PROBLEM TO WORK ON: Your output is the line containing "Local Open Scope ring_scope." plus all lines after it to the end of the records, reproduced exactly, with nothing else.

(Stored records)
□ □ □ □ □ □ □

(* Let $v>0$ and let $y^*\in\mathbb{R}^{n^+}$ be defined by $y^*_j=Y$ for $1\le j\le J$ and $y^*_j=\left(\frac{J h^+_j}{S}\right)^{\frac{\alpha}{1-\alpha}}Y$ for $J<j\le n^+$, where $J$ is the transitional index, $S=\sum_{j'=1}^{J}h^+_{j'}$ and $Y=\frac{v S^{\alpha/(1-\alpha)}}{S^{1/(1-\alpha)}+J^{\alpha/(1-\alpha)}\sum_{j'=J+1}^{n^+}(h^+_{j'})^{1/(1-\alpha)}}$. Put $\bar\alpha=1/\alpha$ and define $$\mu_j=-\frac{\bar\alpha}{v}\Big[\sum_{j'=1}^{n^+}(y^*_{j'})^{\bar\alpha}\Big]\Big(\sum_{j'=j}^{n^+}h^+_{j'}\Big)+\bar\alpha\Big[\sum_{j'=j}^{n^+}(y^*_{j'})^{\bar\alpha-1}\Big]\quad(j=1,\dots,n^+),\qquad \Lambda=-\frac{\bar\alpha\sum_{j'=1}^{n^+}(y^*_{j'})^{\bar\alpha}}{v}.$$ Then $(y,\mu,\Lambda)=(y^*,\mu,\Lambda)$ satisfies: $\bar\alpha y_j^{\bar\alpha-1}+\mu_{j+1}-\mu_j+\Lambda h^+_j=0$ for all $j\in\{1,\dots,n^+-1\}$; $\bar\alpha y_{n^+}^{\bar\alpha-1}-\mu_{n^+}+\Lambda h^+_{n^+}=0$; $\mu_{j+1}(y_j-y_{j+1})=0$ for $j\in\{1,\dots,n^+-1\}$ and $\mu_1y_1=0$; $\sum_{j=1}^{n^+}h^+_jy_j=v$; $\mu_j\ge 0$ for all $j$ and $0\le y_1\le\cdots\le y_{n^+}$.
   Context: Fix $N\in\mathbb{N}$, $\alpha\in(0,1)$ and an integer $1\le n^+\le N$. A function $f:[0,1]\to\mathbb{R}$ is inverse S-shaped if it is strictly increasing, continuously differentiable, and there is $x_0\in[0,1]$ such that $f'$ is strictly decreasing on $[0,x_0]$ and strictly increasing on $[x_0,1]$. Let $W^+:[0,1]\to[0,1]$ be inverse S-shaped with $W^+(0)=0$, $W^+(1)=1$, and $h^+_j:=W^+\!\left(\frac{n^+-j+1}{N}\right)-W^+\!\left(\frac{n^+-j}{N}\right)$ for $j=1,\dots,n^+$. The transitional index is $J:=\min\{j\in\{1,\dots,n^+\}: j\,h^+_{j+1}\ge \sum_{j'=1}^{j}h^+_{j'}\}$ with $h^+_{n^++1}=\infty$. (These conditions are the KKT conditions of minimizing $\sum_j y_j^{1/\alpha}$ subject to $0\le y_1\le\cdots\le y_{n^+}$, $\sum_j h^+_jy_j=v$.) *)

From Stdlib Require Import Reals.
From Coquelicot Require Import Coquelicot.
Open Scope R_scope.
Lemma V_equation g v : IsV E g v ->
  forall z, z ∈ v <-> exists c, c ∈ g /\ exists u, IsV E c u /\ Subset E z u.
Proof.
  intros A z. rewrite (RecVal_equation power_step M E HZ _ g v A z). split.
  - intros [c [C [u [w [U [W K]]]]]]. exists c; split; auto. exists u; split; [|apply W; auto].
    apply IsV_env in U. exact U.
  - intros [c [C [u [U S]]]]. destruct (power_step_total (fun _ => g) c u) as [w W].
    exists c; split; auto. exists u, w. split; [apply IsV_env; exact U|]. split; auto. apply W; auto.
Qed.

Lemma V_monotone d g u v : is_ordinal E g -> d ∈ g -> IsV E d u -> IsV E g v -> Subset E u v.
Proof.
  intros Og D U V z Z. apply (V_equation g v V).
  apply (V_equation d u U) in Z as [c [C [u' [U' S]]]].
  exists c; split; [eapply ord_trans; eauto|]. exists u'; auto.
Qed.

Lemma subset_in_next_V g s u y : is_ordinal E g -> IsSucc E s g -> IsV E g u -> Subset E y u ->
  exists v, IsV E s v /\ y ∈ v.
Proof.
  intros Og Hs U Y. destruct (V_exists s (ord_succ M E g s Og Hs)) as [v V].
  exists v; split; auto. apply (V_equation s v V). exists g; split; [apply Hs; auto|]. eauto.
Qed.

Lemma level_of_member x g v : is_ordinal E g -> IsV E g v -> x ∈ v -> exists k, Level E x k.
Proof.
  intros Og V X.
  destruct (ord_least M E HZ (fun M E g r => exists v, IsV E g v /\ E (r 0) v) ltac:(definable)
              (fun _ => x) g Og) as [m [Om [Pm Hm]]].
  { exists v; split; auto. }
  exists m. split; auto. split; auto. intros d D w W Xw. apply (Hm d D). exists w; auto.
Qed.
(* ---------- the kernel of p : V -> V_{Z^J,psi} ---------- *)
Definition in_ZJ_span (F : fieldType) (C : ringType) (V : lmodType C)
    (pi : 'M[F]_4 -> V -> V) (psi : F -> C) (w : V) : Prop :=
  exists s : seq (C * F * V),
    w = \sum_(t <- s) t.1.1 *: (pi (zmx t.1.2) t.2 - psi t.1.2 *: t.2).

Definition reps_mod (F : fieldType) (val : F -> int) (m : int) (N : nat)
    (rs : seq F) : Prop :=
  [/\ all (in_pn val m) rs,
      (forall x, in_pn val m x -> (exists2 a, a \in rs & in_pn val N%:Z (x - a)))
    & (forall i j, (i < size rs)%N -> (j < size rs)%N ->
         in_pn val N%:Z (nth 0 rs i - nth 0 rs j) -> i = j)].

(* For f invariant under p^N-translations on p^{-1}, the
   integral is vol(p^N) * sum over cosets, and vol(p^N) = 1/[o : p^N]
   because vol(o) = 1. *)
Definition is_integral_pinv (F : fieldType) (val : F -> int) (C : fieldType)
    (V : lmodType C) (f : F -> V) (I : V) : Prop :=
  exists N : nat,
    (forall x y, in_pn val (-1) x -> in_pn val N%:Z y -> f (x + y) = f x) /\
    exists ro rp : seq F,
      [/\ reps_mod val 0 N ro, reps_mod val (-1) N rp
        & I = (size ro)%:R^-1 *: \sum_(a <- rp) f a].

(* If u is fixed by z(p^n) and d(1 + p^n), the sum E of psi(-y) z(y) u over
   y in p^-n / p^n transforms under z(p^-n) by psi and is congruent to
   [p^-n : p^n] u modulo the Z^J-span.  Averaging d(c) E over c in o^x / (1 + p^n)
   gives v: the terms with c not congruent to 1 transform by psi(c .) <> psi and
   so lie in the span, and orthogonality of characters of p^-1 / o makes the
   integral vanish.  For uniqueness, a vector w of the span fixed by z(o) is
   killed by the psi-average over p^-M / o for large M.  If w is also fixed by
   d(o^x) and has vanishing integral, every twisted sum of psi(-b y) z(y) w,
   b in o, vanishes (by d(b)-invariance for units, by the integral for b in p),
   and Fourier inversion over o / p^M recovers a nonzero multiple of w. *)

From mathcomp Require Import all_boot all_order all_algebra.
From mathcomp Require Import reals.
From mathcomp Require Import complex.
From mathcomp Require Import zify ring.
Set Implicit Arguments. Unset Strict Implicit. Unset Printing Implicit Defensive.
Import Order.TTheory GRing.Theory Num.Theory.
Local Open Scope ring_scope.

Section LinearFun.
Variables (R : pzRingType) (U W : lmodType R) (f : U -> W).
Hypothesis f_lin : linear f.

Lemma lin0 : f 0 = 0.
Proof.
have := f_lin 1 0 0; rewrite !scale1r !addr0 => h.
by apply: (addrI (f 0)); rewrite addr0 -h.
Qed.

Lemma linD u v : f (u + v) = f u + f v.
Proof. by have := f_lin 1 u v; rewrite !scale1r. Qed.

Lemma linZ a u : f (a *: u) = a *: f u.
Proof. by rewrite -[a *: u]addr0 f_lin lin0 addr0. Qed.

□ □ □ □ □ □ □

SOLUTION FOR THIS TASK:
Local Open Scope ring_scope.

Section LinearFun.
Variables (R : pzRingType) (U W : lmodType R) (f : U -> W).
Hypothesis f_lin : linear f.

Lemma lin0 : f 0 = 0.
Proof.
have := f_lin 1 0 0; rewrite !scale1r !addr0 => h.
by apply: (addrI (f 0)); rewrite addr0 -h.
Qed.

Lemma linD u v : f (u + v) = f u + f v.
Proof. by have := f_lin 1 u v; rewrite !scale1r. Qed.

Lemma linZ a u : f (a *: u) = a *: f u.
Proof. by rewrite -[a *: u]addr0 f_lin lin0 addr0. Qed.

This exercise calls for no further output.